DETAILED DESCRIPTION OF PREFERRED EMBODIMENT

This invention relates to a Special Liquid Applied Hail and Rain Protection Process for commercial roofing as both hail damage resistance and Ultraviolet Ray protection. Particularly the present invention relates generally to systems and methods for installing new or repairing existing roofs with sealing mate r s and methods. Roofing systems, and others using an exposed membrane, are subject to greater damage from nail impact than some other types of roof systems. The present invention is for a system and method of creating a continuous, seamless, waterproof, weatherproof, surface that can be applied over a great variety of structural components. A roofing sealing system and method is provided. The present invention generally relates to sealing systems and methods. More specifically, the present invention relates to a sealing system for commercial roof exposed to damage caused by severe weather, hail, and the like. This invention relates to roofing materials and more particularly to bituminous, rubber and latex roofing material having granules such as crushed stone, embedded in an upper side thereof.
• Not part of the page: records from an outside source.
(* The super-differential of $\theta$ at the origin is $\partial^+\theta(0)=\overline{\{\nabla\theta(q^{-1/2},q^{1/2}):q\in(0,\infty)\}}+[0,\infty)^2$.
   Context: $\theta:[0,\infty)^2\to[0,\infty)$ is continuous, concave, 1-homogeneous, symmetric, $C^\infty$ on $(0,\infty)^2$, with $\theta(0,s)=\theta(s,0)=0$, $\theta(s,s)=s$, $\theta(s,t)>0$ for $s,t>0$, and nondecreasing in each argument; it is regarded as a concave function $\mathbb{R}^2\to\mathbb{R}\cup\{-\infty\}$ with $\theta(s,t)=-\infty$ if $\min\{s,t\}<0$. The super-differential is $\partial^+\theta(x)=\{r\in\mathbb{R}^2:\theta(y)\le\theta(x)+\langle r,y-x\rangle\ \forall y\in\mathbb{R}^2\}$ (i.e. $-\partial(-\theta)(x)$). The overline denotes closure in $\mathbb{R}^2$ and $+$ the Minkowski sum. *)

From Stdlib Require Import Reals.
From Coquelicot Require Import Coquelicot.
Open Scope R_scope.

Definition quadrant (p : R * R) : Prop := 0 <= fst p /\ 0 <= snd p.

Definition theta_ext (theta : R -> R -> R) (p : R * R) : Rbar :=
  match Rlt_dec (fst p) 0, Rlt_dec (snd p) 0 with
  | right _, right _ => Finite (theta (fst p) (snd p))
  | _, _ => m_infty
  end.
(* Let $q\ge2$, let $0<R<1$ and let $l$ be an integer with $l>\frac{2}{1-R}$. Then there exist a sequence $n_i\to\infty$ and, for each $i$, a deterministic IDF code over $l$ blocks for $\Pi^q_{n_i}$ with $M_i\ge 2^{q^{R l n_i}}$ messages, type-I error probability $0$ and type-II error probability $\lambda_{2,i}$, such that $\lambda_{2,i}\to0$.
   Context: Fix an integer $q\ge 2$, $\mathcal A_q=\{1,\dots,q\}$. For $n\ge1$ and $\sigma\in S_n$, $\sigma\mathbf x=(x_{\sigma^{-1}(1)},\dots,x_{\sigma^{-1}(n)})$ for $\mathbf x\in\mathcal A_q^n$; the $n$-block $q$-ary uniform permutation channel $\Pi^q_n$ has input/output alphabet $\mathcal A_q^n$ and $\Pi^q_n(\mathbf y\mid\mathbf x)=\frac1{n!}\sum_{\sigma\in S_n}\mathbf 1\{\mathbf y=\sigma\mathbf x\}$. An identification-feedback (IDF) code over $l$ blocks with $M$ messages for $\Pi^q_n$ (with block-wise noiseless feedback) is a family $\{(\mathbb Q_{i,1},\dots,\mathbb Q_{i,l},\mathcal D_i)\}_{i=1}^M$ where $\mathbb Q_{i,j}(\mathbf x^{(j)}\mid \mathbf y^{(1)},\dots,\mathbf y^{(j-1)},\mathbf x^{(1)},\dots,\mathbf x^{(j-1)})$ is a conditional probability distribution on $\mathcal A_q^n$ given the previous output blocks (fed back) and previous input blocks, and $\mathcal D_i\subseteq(\mathcal A_q^n)^l$. When message $i$ is sent, the blocks have joint law $\mathbb P^{(i)}(\underline{\mathbf x},\underline{\mathbf y})=\prod_{j=1}^l\mathbb Q_{i,j}(\mathbf x^{(j)}\mid\mathbf y^{(1)},\dots,\mathbf y^{(j-1)},\mathbf x^{(1)},\dots,\mathbf x^{(j-1)})\,\Pi^q_n(\mathbf y^{(j)}\mid\mathbf x^{(j)})$. The code is deterministic if each $\mathbb Q_{i,j}$ is a point mass given by a function $\mathbf f_{i,j}$ of the past blocks. Error probabilities: $\lambda_{i\to j}=\mathbb P^{(i)}(\underline{\mathbf y}\in\mathcal D_j)$ for $i\ne j$, $\lambda_{i\not\to i}=\mathbb P^{(i)}(\underline{\mathbf y}\notin\mathcal D_i)$, type-I error $\lambda_1=\max_i\lambda_{i\not\to i}$, type-II error $\lambda_2=\max_{i\neq j}\lambda_{i\to j}$. *)

From HB Require Import structures.
From mathcomp Require Import all_boot all_order all_algebra all_fingroup.
From mathcomp Require Import all_classical all_reals all_analysis.
Set Implicit Arguments. Unset Strict Implicit. Unset Printing Implicit Defensive.
Import Order.TTheory GRing.Theory Num.Theory.
Local Open Scope ring_scope.

(* A block: a word of length n over the q-ary alphabet, encoded as 'I_q
   (= {0,...,q-1}, a relabelling of {1,...,q}). *)
Definition word (q n : nat) := {ffun 'I_n -> 'I_q}.

Definition permw (q n : nat) (s : 'S_n) (x : word q n) : word q n :=
  [ffun k => x (s^-1%g k)].

Definition Pichan (R : realType) (q n : nat) (y x : word q n) : R :=
  (#|[set s : 'S_n | y == permw s x]|)%:R / (n`!)%:R.

(* Deterministic IDF code over l blocks with M messages for Pi^q_n, with
   block-wise noiseless feedback.  enc i j ys xs is the input block j (0-based)
   for message i, as a function of the previous output blocks ys and previous
   input blocks xs (the lists of the first j blocks).  dec i is the decoding
   set D_i of output sequences. *)
Record detIDF (q n l M : nat) := DetIDF {
  enc : 'I_M -> nat -> seq (word q n) -> seq (word q n) -> word q n ;
  dec : 'I_M -> {set {ffun 'I_l -> word q n}}
}.

Definition blocks (q n l : nat) := {ffun 'I_l -> word q n}.

Definition fseq (q n l : nat) (v : blocks q n l) : seq (word q n) :=
  [seq v j | j <- enum 'I_l].

Definition jointP (R : realType) (q n l M : nat) (C : detIDF q n l M)
  (i : 'I_M) (xs ys : blocks q n l) : R :=
  \prod_(j < l)
    ((xs j == enc C i j (take j (fseq ys)) (take j (fseq xs)))%:R
       * Pichan R (ys j) (xs j)).

Definition probD (R : realType) (q n l M : nat) (C : detIDF q n l M)
  (i : 'I_M) (D : {set blocks q n l}) : R :=
  \sum_(xs : blocks q n l) \sum_(ys in D) jointP R C i xs ys.
Lemma PSL2_rep_lift (n : Z) (L B : M2) : PSL2_rep n L B ->
  exists L' B', psl_eq L L' /\ psl_eq B B' /\ SL2_rep n L' B'.
Proof.
  intros [hL [hB [hrel hfill]]].
  assert (hL' : exists L', psl_eq L L' /\ inSL2 L' /\ rel_lhs L' B = rel_rhs L' B
                           /\ psl_eq (fill_img n L' B) mid).
  { destruct hrel as [hrel | hrel]; [exists L; split; [apply psl_eq_refl | auto]|].
    exists (mopp L); split; [apply psl_eq_sym, psl_eq_mopp|].
    split; [apply inSL2_mopp, hL|].
    rewrite rel_lhs_mopp_l, rel_rhs_mopp_l, hrel, mopp_involutive; split; [reflexivity|].
    apply (psl_eq_trans _ (fill_img n L B)); [|exact hfill].
    unfold fill_img; rewrite mu_img_mopp_l.
    apply psl_eq_mmul; [apply psl_eq_refl | apply psl_eq_mpowZ_mopp]. }
  destruct hL' as [L' [eL [hL' [hrel' hfill']]]].
  exists L'; destruct hfill' as [hfill' | hfill'].
  - exists B; repeat split; auto using psl_eq_refl.
  - exists (mopp B); split; [exact eL|]; split; [apply psl_eq_sym, psl_eq_mopp|].
    repeat split; [exact hL' | apply inSL2_mopp, hB | |].
    + rewrite rel_lhs_mopp_r, rel_rhs_mopp_r; exact hrel'.
    + unfold fill_img in *; rewrite mu_img_mopp_r, mmul_mopp_l, hfill'.
      apply mopp_involutive.
Qed.

Theorem mainTheorem5 :
  exists N : Z, forall n : Z, (n <= N)%Z ->
    (forall L B : M2, SL2_rep n L B -> L = mid /\ B = mid) /\
    (forall L B : M2, PSL2_rep n L B -> psl_eq L mid /\ psl_eq B mid).
Proof.
  exists (-3)%Z; intros n hn; split; [exact (SL2_rep_trivial n hn)|].
  intros L B hrep.
  destruct (PSL2_rep_lift n L B hrep) as [L' [B' [eL [eB hrep']]]].
  destruct (SL2_rep_trivial n hn L' B' hrep') as [-> ->].
  split; assumption.
Qed.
The advantages for the Special Liquid Applied Hail and Rain Protection Process for commercial roofing as both hail damage resistance and Ultraviolet Ray protection are listed above in the introduction. Succinctly the benefits are:

• • A. Faster application hence reduced labor and costs;
  • B. Eco/environmentally friendly materials;
  • C. Off-site panels reduce lead time and labor costs;
  • D. Off-site panels lend to automation of coating;
  • E. Less field time reduces project timelines;
  • F. Simple Ultraviolet light protection and deterioration of materials from exposure to sunlight; and
  • G. Tougher surfaces provide resistance and prevention of damage by hailstorms.
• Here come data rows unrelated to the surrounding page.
Lemma ileEjoin (x y : A) : x ≤ y <-> x ⊔ y = y.
Proof. by rewrite /ile; split=> <-; rewrite ?ijoinKI // ijoinC imeetC imeetKU. Qed.
Lemma ile_refl (x : A) : x ≤ x. Proof. exact: imeetxx. Qed.
Lemma ile_trans (x y z : A) : x ≤ y -> y ≤ z -> x ≤ z.
Proof. by rewrite /ile => xy yz; rewrite -xy -imeetA yz. Qed.
Lemma ile_anti (x y : A) : x ≤ y -> y ≤ x -> x = y.
Proof. by rewrite /ile => xy yx; rewrite -xy -{2}yx imeetC. Qed.
Lemma ileIl (x y : A) : x ⊓ y ≤ x.
Proof. by rewrite /ile -imeetA (imeetC y) imeetA imeetxx. Qed.
Lemma ileIr (x y : A) : x ⊓ y ≤ y.
Proof. by rewrite /ile -imeetA imeetxx. Qed.
Lemma ileUl (x y : A) : x ≤ x ⊔ y.
Proof. exact: ijoinKI. Qed.
Lemma ileUr (x y : A) : y ≤ x ⊔ y.
Proof. by rewrite ijoinC; apply: ijoinKI. Qed.
Lemma ilexI (x y z : A) : z ≤ x ⊓ y <-> z ≤ x /\ z ≤ y.
Proof.
split=> [zxy|[zx zy]]; last by rewrite /ile imeetA zx zy.
by split; apply: ile_trans zxy _; [apply: ileIl | apply: ileIr].
Qed.
Lemma ileUx (x y z : A) : x ⊔ y ≤ z <-> x ≤ z /\ y ≤ z.
Proof.
split=> [xyz|]; last by rewrite !ileEjoin => -[xz yz]; rewrite -ijoinA yz xz.
by split; apply: ile_trans _ xyz; [apply: ileUl | apply: ileUr].
Qed.
Lemma ilex1 (x : A) : x ≤ ⊤. Proof. exact: imeetx1. Qed.
Lemma ile0x (x : A) : ⊥ ≤ x. Proof. exact: imeet0x. Qed.
Lemma imeetSr (x y z : A) : x ≤ y -> z ⊓ x ≤ z ⊓ y.
Proof. by move=> xy; apply/ilexI; split; [apply: ileIl | apply: ile_trans (ileIr _ _) xy]. Qed.

Lemma ile_meetN_join (z a y : A) : z ⊓ - a ≤ y <-> z ≤ y ⊔ a.
Proof.
split=> H.
  rewrite -(imeetx1 z) -(ijoinxC a) imeetUr; apply/ileUx; split.
    exact: ile_trans (ileIr _ _) (ileUr _ _).
  exact: ile_trans H (ileUl _ _).
apply: (@ile_trans _ ((y ⊔ a) ⊓ - a)).
  by rewrite (imeetC z) (imeetC (y ⊔ a)); apply: imeetSr.
by rewrite imeetUl imeetxC ijoinx0; apply: ileIl.
Qed.
Lemma ile_meet_joinN (a z b : A) : a ⊓ z ≤ b <-> z ≤ - a ⊔ b.
Proof. by rewrite -{1}(icomplK a) imeetC ile_meetN_join ijoinC. Qed.

Lemma ile_iint (x y : A) : x ≤ y -> iint x ≤ iint y.
Proof. by rewrite /ile -iintI => ->. Qed.
Lemma iint0 : iint ⊥ = ⊥.
Proof. exact: ile_anti (iint_le _) (ile0x _). Qed.
Lemma iint_join_open (x y : A) : iint x = x -> iint y = y -> iint (x ⊔ y) = x ⊔ y.
Proof.
move=> xo yo; apply: ile_anti (iint_le _) _; apply/ileUx.
by split; [rewrite -{1}xo | rewrite -{1}yo]; apply: ile_iint; [apply: ileUl | apply: ileUr].
Qed.

Lemma ibigmeet_cat (s t : seq A) : ibigmeet (s ++ t) = ibigmeet s ⊓ ibigmeet t.
Proof. by elim: s => [|x s IH] /=; rewrite ?imeet1x // IH imeetA. Qed.
Lemma iint_bigmeet (s : seq A) : iint (ibigmeet s) = ibigmeet (map (@iint A) s).
Proof. by elim: s => [|x s IH] /=; rewrite ?iint1 // iintI IH. Qed.
Lemma ile_bigmeet (z : A) (s : seq A) :
  z ≤ ibigmeet s <-> forall x, List.In x s -> z ≤ x.
Proof.
elim: s => [|x s IH] /=; first by split=> // _; apply: ilex1.
rewrite ilexI IH; split=> [[zx zs] y [<-|]|zxs] //; first exact: zs.
by split=> [|y ys]; apply: zxs; [left | right].
Qed.
End InteriorAlgebraTheory.

Lemma args2_eta T (f : 'I_2 -> T) : f = args2 (f ord0) (f ord_max).
Proof.
by apply: functional_extensionality => -[[|[|k]] lt_k2] //=; congr f; apply: val_inj.
Qed.
Lemma args1_eta T (f : 'I_1 -> T) : f = args1 (f ord0).
Proof. by apply: functional_extensionality => -[[|k] lt_k1] //=; congr f; apply: val_inj. Qed.
Lemma args0_eta T (f : 'I_0 -> T) : f = @args0 T.
Proof. by apply: functional_extensionality => -[]. Qed.
Lemma map_args2 T U (g : T -> U) x y : (fun i => g (args2 x y i)) = args2 (g x) (g y).
Proof. by apply: functional_extensionality => i; rewrite /args2; case: ifP. Qed.
Lemma map_args0 T U (g : T -> U) : (fun i => g (@args0 T i)) = @args0 U.
Proof. by apply: functional_extensionality => -[]. Qed.

Lemma is_hom_comp (S : signature) (A B C : algebra S) (f : B -> C) (g : A -> B) :
  is_hom f -> is_hom g -> is_hom (fun x => f (g x)).
Proof. by move=> homf homg o args; rewrite homg homf. Qed.

Section InteriorHomTheory.
Variables (A B : algebra isig) (f : A -> B).
Hypothesis homf : is_hom f.
Lemma ihom_meet x y : f (imeet x y) = imeet (f x) (f y).
Proof. by rewrite /imeet homf map_args2. Qed.
Lemma ihom_join x y : f (ijoin x y) = ijoin (f x) (f y).
Proof. by rewrite /ijoin homf map_args2. Qed.
Lemma ihom_compl x : f (icompl x) = icompl (f x).
Proof. by rewrite /icompl homf. Qed.
Lemma ihom_int x : f (iint x) = iint (f x).
Proof. by rewrite /iint homf. Qed.
Lemma ihom_bot : f (ibot A) = ibot B.
Proof. by rewrite /ibot homf map_args0. Qed.
Lemma ihom_top : f (itop A) = itop B.
Proof. by rewrite /itop homf map_args0. Qed.
End InteriorHomTheory.

Lemma is_hom_interior (A B : algebra isig) (f : A -> B) :
  (forall x y, f (imeet x y) = imeet (f x) (f y)) ->
  (forall x y, f (ijoin x y) = ijoin (f x) (f y)) ->
  (forall x, f (icompl x) = icompl (f x)) ->
  (forall x, f (iint x) = iint (f x)) ->
  f (ibot A) = ibot B -> f (itop A) = itop B -> is_hom f.
Proof.
move=> fI fU fN fint f0 f1 [] args /=.
- by rewrite (args2_eta args) map_args2 fI.
- by rewrite (args2_eta args) map_args2 fU.
- by rewrite (args1_eta args) fN.
- by rewrite (args0_eta args) map_args0 f0.
- by rewrite (args0_eta args) map_args0 f1.
- by rewrite (args1_eta args) fint.
Qed.

Section HeytingHomTheory.
Variables (A B : algebra hsig) (f : A -> B).
Hypothesis homf : is_hom f.
Lemma hhom_meet x y : f (hmeet x y) = hmeet (f x) (f y).
Proof. by rewrite /hmeet homf map_args2. Qed.
Lemma hhom_join x y : f (hjoin x y) = hjoin (f x) (f y).
Proof. by rewrite /hjoin homf map_args2. Qed.
Lemma hhom_imp x y : f (himp x y) = himp (f x) (f y).
Proof. by rewrite /himp homf map_args2. Qed.
Lemma hhom_bot : f (hbot A) = hbot B.
Proof. by rewrite /hbot homf map_args0. Qed.
Lemma hhom_top : f (htop A) = htop B.
Proof. by rewrite /htop homf map_args0. Qed.
End HeytingHomTheory.

Lemma is_hom_heyting (A B : algebra hsig) (f : A -> B) :
  (forall x y, f (hmeet x y) = hmeet (f x) (f y)) ->
  (forall x y, f (hjoin x y) = hjoin (f x) (f y)) ->
  (forall x y, f (himp x y) = himp (f x) (f y)) ->
  f (hbot A) = hbot B -> f (htop A) = htop B -> is_hom f.
Proof.
move=> fI fU fimp f0 f1 [] args /=.
- by rewrite (args2_eta args) map_args2 fI.
- by rewrite (args2_eta args) map_args2 fU.
- by rewrite (args2_eta args) map_args2 fimp.
- by rewrite (args0_eta args) map_args0 f0.
- by rewrite (args0_eta args) map_args0 f1.
Qed.

Section HeytingAlgebraTheory.
Variable L : algebra hsig.
Hypothesis HL : is_HA L.
Lemma hmeetC (x y : L) : hmeet x y = hmeet y x. Proof. by case: HL. Qed.
Lemma hjoinKI (x y : L) : hmeet x (hjoin x y) = x. Proof. by case: HL => _ [_ [_ [_ []]]]. Qed.
Lemma hmeetKU (x y : L) : hjoin x (hmeet x y) = x. Proof. by case: HL => _ [_ [_ [_ [_ []]]]]. Qed.
Lemma hmeetx1 (x : L) : hmeet x (htop L) = x. Proof. by case: HL => _ [_ [_ [_ [_ [_ []]]]]]. Qed.
Lemma hle_himp (a x y : L) : hle (hmeet a x) y <-> hle a (himp x y).
Proof. by case: HL => _ [_ [_ [_ [_ [_ [_ [_ ]]]]]]]. Qed.
Lemma hmeetxx (x : L) : hmeet x x = x. Proof. by rewrite -{2}(hmeetKU x x) hjoinKI. Qed.
Lemma himp1x (x : L) : himp (htop L) x = x.
Proof.
have le_imp_x : hle (himp (htop L) x) x.
  by rewrite -[himp _ x]hmeetx1; apply/hle_himp; rewrite /hle hmeetxx.
have le_x_imp : hle x (himp (htop L) x) by apply/hle_himp; rewrite /hle hmeetx1 hmeetxx.
by rewrite -[LHS]le_imp_x hmeetC le_x_imp.
Qed.
End HeytingAlgebraTheory.

Definition is_lattice_hom (L : algebra hsig) (A : algebra isig) (f : L -> A) : Prop :=
  (forall x y, f (hmeet x y) = imeet (f x) (f y)) /\
  (forall x y, f (hjoin x y) = ijoin (f x) (f y)) /\
  f (hbot L) = ibot A /\ f (htop L) = itop A.

Lemma lattice_hom_bigmeet (L : algebra hsig) (A : algebra isig) (f : L -> A) (s : seq L) :
  is_lattice_hom f -> f (hbigmeet s) = ibigmeet (map f s).
Proof. by case=> fI [_ [_ f1]]; elim: s => [|x s IH] //=; rewrite /hbigmeet /= fI -IH. Qed.

Definition cnf (A : algebra isig) (l : seq (A * A)) : A :=
  ibigmeet [seq ijoin (icompl p.1) p.2 | p <- l].

Definition map_pairs (T U : Type) (f : T -> U) (s : seq (T * T)) : seq (U * U) :=
  [seq (f p.1, f p.2) | p <- s].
The preferred embodiments of the Special Liquid Applied Hail and Rain Protection Process for commercial roofing as both hail damage resistance and Ultraviolet Ray protection are comprised as follows: A Special Liquid Applied Hail and Rain Protection Process for commercial roofing as both hail damage resistance and Ultraviolet Ray protection is comprised of the following:

Step No. 1: Provide a clean, dry substrate such as Poly Iso foam insulation board 70, plywood 74, existing roof membranes 74A or systems, etcetera

Step No. 2: Apply first liquid coating to substrate such as Styrene-Butadiene Latex 81—or—Styrene-Butadiene Rubber liquid 80 membrane at a thickness of 32 mils wet/16-18 mils dry.

Step No. 3: Imbed into wet liquid a chopped fiberglass strand 88 (rolled mat form or mechanically chopped) at a rate of 0.75 ounces per sq. ft. immediately into liquid applied in step No. 2.
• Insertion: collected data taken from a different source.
Lemma sum_powR_pred_ge_abs (n : nat) (s : R) : s != 0 -> s < 1 ->
  `|n.+1%:R `^ s - 1| / `|s| <= \sum_(1 <= k < n.+1) k%:R `^ (s - 1).
Proof.
move=> s_neq0 s_lt1.
have incr k : (0 < k)%N ->
    0 <= (k.+1%:R `^ s - k%:R `^ s) / s <= k%:R `^ (s - 1).
  move=> k_gt0; have k_pos : 0 < k%:R :> R by rewrite ltr0n.
  have := powR_sub_div_bounds s_neq0 s_lt1 k_pos (ltr_natSn k).
  by rewrite -natrB // subSnn mulr1.
have tel : (n.+1%:R `^ s - 1) / s = \sum_(1 <= k < n.+1) (k.+1%:R `^ s - k%:R `^ s) / s.
  by rewrite -mulr_suml telescope_sumr // powR1.
rewrite -normf_div ger0_norm tel; last first.
  by rewrite big_nat_cond sumr_ge0 // => k /andP[/andP[/incr/andP[]]].
by apply: ler_sum_nat => k /andP[/incr/andP[]].
Qed.

Lemma sum_inv_ge_ln (n : nat) : ln n.+1%:R <= \sum_(1 <= k < n.+1) k%:R^-1 :> R.
Proof.
have := telescope_sumr (fun k => ln k%:R : R) (ltn0Sn n).
rewrite /= ln1 subr0 => <-; apply: ler_sum_nat => k /andP[k_gt0 _].
have k_pos : 0 < k%:R :> R by rewrite ltr0n.
have := ln_sub_le k_pos (ltW (ltr_natSn k)).
by rewrite -natrB // subSnn div1r.
Qed.

End power_sums.

Section sup_norm_sum.
Variable R : realType.

Lemma sum_box_inv_max_ge (d n : nat) (t : R) : (0 < d)%N ->
  d%:R * \sum_(1 <= k < n.+1) k%:R `^ (d%:R - t - 1) <=
  \sum_(g : {ffun 'I_d -> 'I_n.+1} | (0 < \max_(i < d) (g i : nat))%N)
    ((\max_(i < d) (g i : nat))%:R `^ t)^-1.
Proof.
case: d => [//|d] _.
set m := fun g : {ffun 'I_d.+1 -> 'I_n.+1} => \max_(i < d.+1) (g i : nat).
have m_lt g : (m g < n.+1)%N by apply/bigmax_leqP => i _; rewrite -ltnS ltn_ord.
have -> : \sum_(g | (0 < m g)%N) ((m g)%:R `^ t)^-1 =
    \sum_(1 <= k < n.+1) \sum_(g | m g == k) (k%:R `^ t)^-1 :> R.
  under [RHS]eq_bigr do rewrite big_mkcond.
  rewrite exchange_big big_mkcond /=; apply: eq_bigr => g _.
  rewrite -big_mkcond (eq_bigl (pred1 (m g))) => [|k]; last by rewrite /= eq_sym.
  by rewrite big_nat1_eq m_lt andbT.
rewrite mulr_sumr; apply: ler_sum_nat => k /andP[k_gt0 k_lt].
have k_pos : 0 < k%:R :> R by rewrite ltr0n.
have card_ge : (d.+1 * k ^ d <= #|[pred g | m g == k]|)%N.
  by apply: card_bigmax_eq_ge; rewrite k_gt0.
have -> : d.+1%:R * k%:R `^ (d.+1%:R - t - 1) = (k%:R `^ t)^-1 * (d.+1 * k ^ d)%:R.
  rewrite natrM natrX -powR_mulrn ?ler0n // mulrCA; congr (_ * _).
  rewrite mulrC -powRB ?(gt_eqF k_pos) ?implybT //.
  by congr (_ `^ _); rewrite -natr1; lra.
by rewrite sumr_const -[_ *+ #|_|]mulr_natr ler_pM2l ?invr_gt0 ?powR_gt0 // ler_nat.
Qed.

End sup_norm_sum.

Lemma sqr_natrB (R : numDomainType) (m n : nat) :
  (m%:R - n%:R) ^+ 2 = (`|m - n|%N ^ 2)%:R :> R.
Proof.
have -> : m%:R - n%:R = (m%:Z - n%:Z)%:~R :> R by rewrite rmorphB.
by rewrite natrX natr_absz intr_norm real_normK ?realz.
Qed.

Lemma adj_step (R : realType) (d : nat) (x y : pt d) : adj R x y -> exists k, y = step x k.
Proof.
rewrite /adj /eucl_dist => /(congr1 (fun r => r ^+ 2)).
rewrite sqr_sqrtr ?expr1n; last by apply: sumr_ge0 => i _; exact: sqr_ge0.
under eq_bigr do rewrite sqr_natrB.
rewrite -natr_sum -[1]/(1%:R : R) => /eqP; rewrite eqr_nat => /eqP.
case/sum_sqr_eq1 => i [dist_i dist_j].
exists (i, (x i < y i)%N); apply/ffunP => j; rewrite ffunE /=.
have [->|ji] := eqVneq j i; last by apply/esym/eqP; rewrite -distn_eq0 dist_j.
by move/eqP: dist_i; rewrite distn_eq1; case: ltnP => _ /eqP ->.
Qed.

Section u_sums.
Variable R : realType.
Local Open Scope ereal_scope.

Lemma u_step_diff_le (d n : nat) (p : R) (x : pt d) (k : 'I_d * bool) : (0 < p)%R ->
  (`|u_ R n x - u_ R n (step x k)| `^ p <=
    ([forall j, (x j <= n)%N] != [forall j, (step x k j <= n)%N])%:R)%R.
Proof.
move=> p_gt0; rewrite /u_ !normInf_leq.
by do 2!case: ifP => _; rewrite /= ?subrr ?normr0 ?powR0 ?(gt_eqF p_gt0) ?subr0 ?sub0r
  ?normrN ?normr1 ?powR1.
Qed.

Lemma esum_u_step_diff_le (d n : nat) (p : R) (i : 'I_d) (b : bool) : (0 < p)%R ->
  \esum_(x in [set: pt d]) (`|u_ R n x - u_ R n (step x (i, b))| `^ p)%:E
    <= (n.+1 ^ d.-1)%:R%:E.
Proof.
move=> p_gt0; have [v_lt n_lt] : ((if b then n else n.+1) < n.+2 /\ n < n.+2)%N.
  by case: b.
have diff_le x := u_step_diff_le n x (i, b) p_gt0.
apply: le_trans (esum_le_sum_cover (e := @box_pt d n.+2) _ _) _.
- by move=> x; rewrite lee_fin powR_ge0.
- move=> x _ diff_neq0.
  have : [forall j, (x j <= n)%N] != [forall j, (step x (i, b) j <= n)%N].
    apply: contra diff_neq0 => /eqP eq_in; move: (diff_le x); rewrite eq_in eqxx => diff_le0.
    by rewrite eqe eq_le diff_le0 powR_ge0.
  case/step_exits_or_enters_box/andP => /eqP x_i /forallP x_j.
  exists [ffun j => inord (x j)]; apply/ffunP => j; rewrite !ffunE inordK //.
  have [->|ji] := eqVneq j i; first by rewrite x_i.
  by have := x_j j; rewrite ji ltnS => /leqW.
rewrite sumEFin lee_fin.
apply: le_trans (ler_sum _ (fun g _ => diff_le (box_pt g))) _.
rewrite -(card_face i v_lt n_lt) -sum1_card natr_sum [leRHS]big_mkcond /=.
apply: ler_sum => g _; rewrite inE.
case: (boolP (_ != _)) => [/step_exits_or_enters_box|_]; last by case: ifP.
rewrite ffunE => /andP[-> /forallP box_j] /=.
suff -> : [forall (j | j != i), (g j <= n)%N] by [].
by apply/forallP => j; have := box_j j; rewrite ffunE.
Qed.

Lemma esum_u_grad_le (d n : nat) (p : R) : (0 < p)%R ->
  \esum_(x in [set: pt d]) \esum_(y in [set y : pt d | adj R x y])
     (`|u_ R n x - u_ R n y| `^ p)%:E <= (2 * d * n.+1 ^ d.-1)%N%:R%:E.
Proof.
move=> p_gt0.
pose c (x : pt d) k := (`|u_ R n x - u_ R n (step x k)| `^ p)%:E.
have c_ge0 x k : 0 <= c x k by rewrite lee_fin powR_ge0.
apply: (@le_trans _ _ (\esum_(x in [set: pt d]) \sum_(k : 'I_d * bool) c x k)).
  apply: le_esum => x _; apply: esum_le_sum_cover => [y|y /adj_step[k ->] _].
    by rewrite lee_fin powR_ge0.
  by exists k.
rewrite esum_sum => [|x k _ _]; last exact: c_ge0.
apply: (@le_trans _ _ (\sum_(k : 'I_d * bool) (n.+1 ^ d.-1)%:R%:E)).
  by apply: lee_sum => -[i b] _; exact: esum_u_step_diff_le.
rewrite sumEFin lee_fin sumr_const card_prod card_ord card_bool -mulrnA ler_nat.
by rewrite mulnC [(d * 2)%N]mulnC.
Qed.

Lemma esum_u_normInf_ge (d n : nat) (t p : R) : (0 < d)%N ->
  (d%:R * \sum_(1 <= k < n.+1) k%:R `^ (d%:R - t - 1))%:E <=
  \esum_(j in [set j : pt d | j != [ffun=> 0%N]])
     ((`|u_ R n j| `^ p) / ((normInf j)%:R `^ t))%:E.
Proof.
move=> d_gt0.
have nonzero_box_pt (g : {ffun 'I_d -> 'I_n.+1}) : (0 < \max_(i < d) (g i : nat))%N ->
    [set j : pt d | j != [ffun=> 0%N]] (box_pt g).
  rewrite -normInf_box_pt => max_gt0; apply/eqP => g0; move: max_gt0.
  by rewrite g0 /normInf big1 // => i _; rewrite ffunE.
apply: le_trans _ (sum_le_esum_inj _ (@box_pt_inj d n.+1) nonzero_box_pt).
rewrite sumEFin lee_fin (le_trans (sum_box_inv_max_ge n t d_gt0)) //.
apply: ler_sum => g _; rewrite /u_ normInf_box_pt ifT ?normr1 ?powR1 ?div1r //.
by apply/bigmax_leqP => i _; rewrite -ltnS.
Qed.

End u_sums.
Step No. 4: Apply a second application of the first liquid coating over chopped fiberglass from Step No. 3—Coating is Styrene-Butadiene Latex 81—or—Styrene-Butadiene Rubber liquid 80 membrane at a thickness of 32 mils wet/16-18 mils dry immediately over fiberglass applied in step No. 3.

Step No. 5: Let dry (steps No. 2-4), typically 12 hours (varies depending on relative humidity, temperature, and thickness of applied coatings).

Step No. 6: Apply a second liquid coating to substrate on top of steps No. 2-5. Coating is Styrene-Butadiene Latex 81—or—Styrene-Butadiene Rubber liquid 80 membrane at a thickness of 32 mils wet/16-18 mils dry.

Step No. 7: Imbed into wet liquid from step No. 6 the chopped fiberglass 88 strand (rolled mat form or mechanically chopped)

At about 0.75 ounces per sq. ft. immediately into liquid applied in step No. 6.

Step No. 8: Apply a second application of the second liquid coating over chopped fiberglass from step No. 7. Coating is Styrene-Butadiene Latex 81—or—Styrene-Butadiene Rubber liquid 80 membrane at a thickness of 32 mils wet/16-18 mils dry immediately over fiberglass applied in step No. 7.

Step No. 9: Let dry (steps No. 6-8) typically 12 hours (varies depending on relative humidity, temperature, and thickness of applied coatings).

There is shown in FIGS. 1-12 a complete description and operative embodiment of the Special Liquid Applied Hail and Rain Protection Process 30 for commercial roofing as both hail damage resistance and Ultraviolet Ray protection. In the drawings and illustrations, one notes well that the FIGS. 1-12 demonstrate the general configuration and use of this product. The various example uses are in the operation and use section, below.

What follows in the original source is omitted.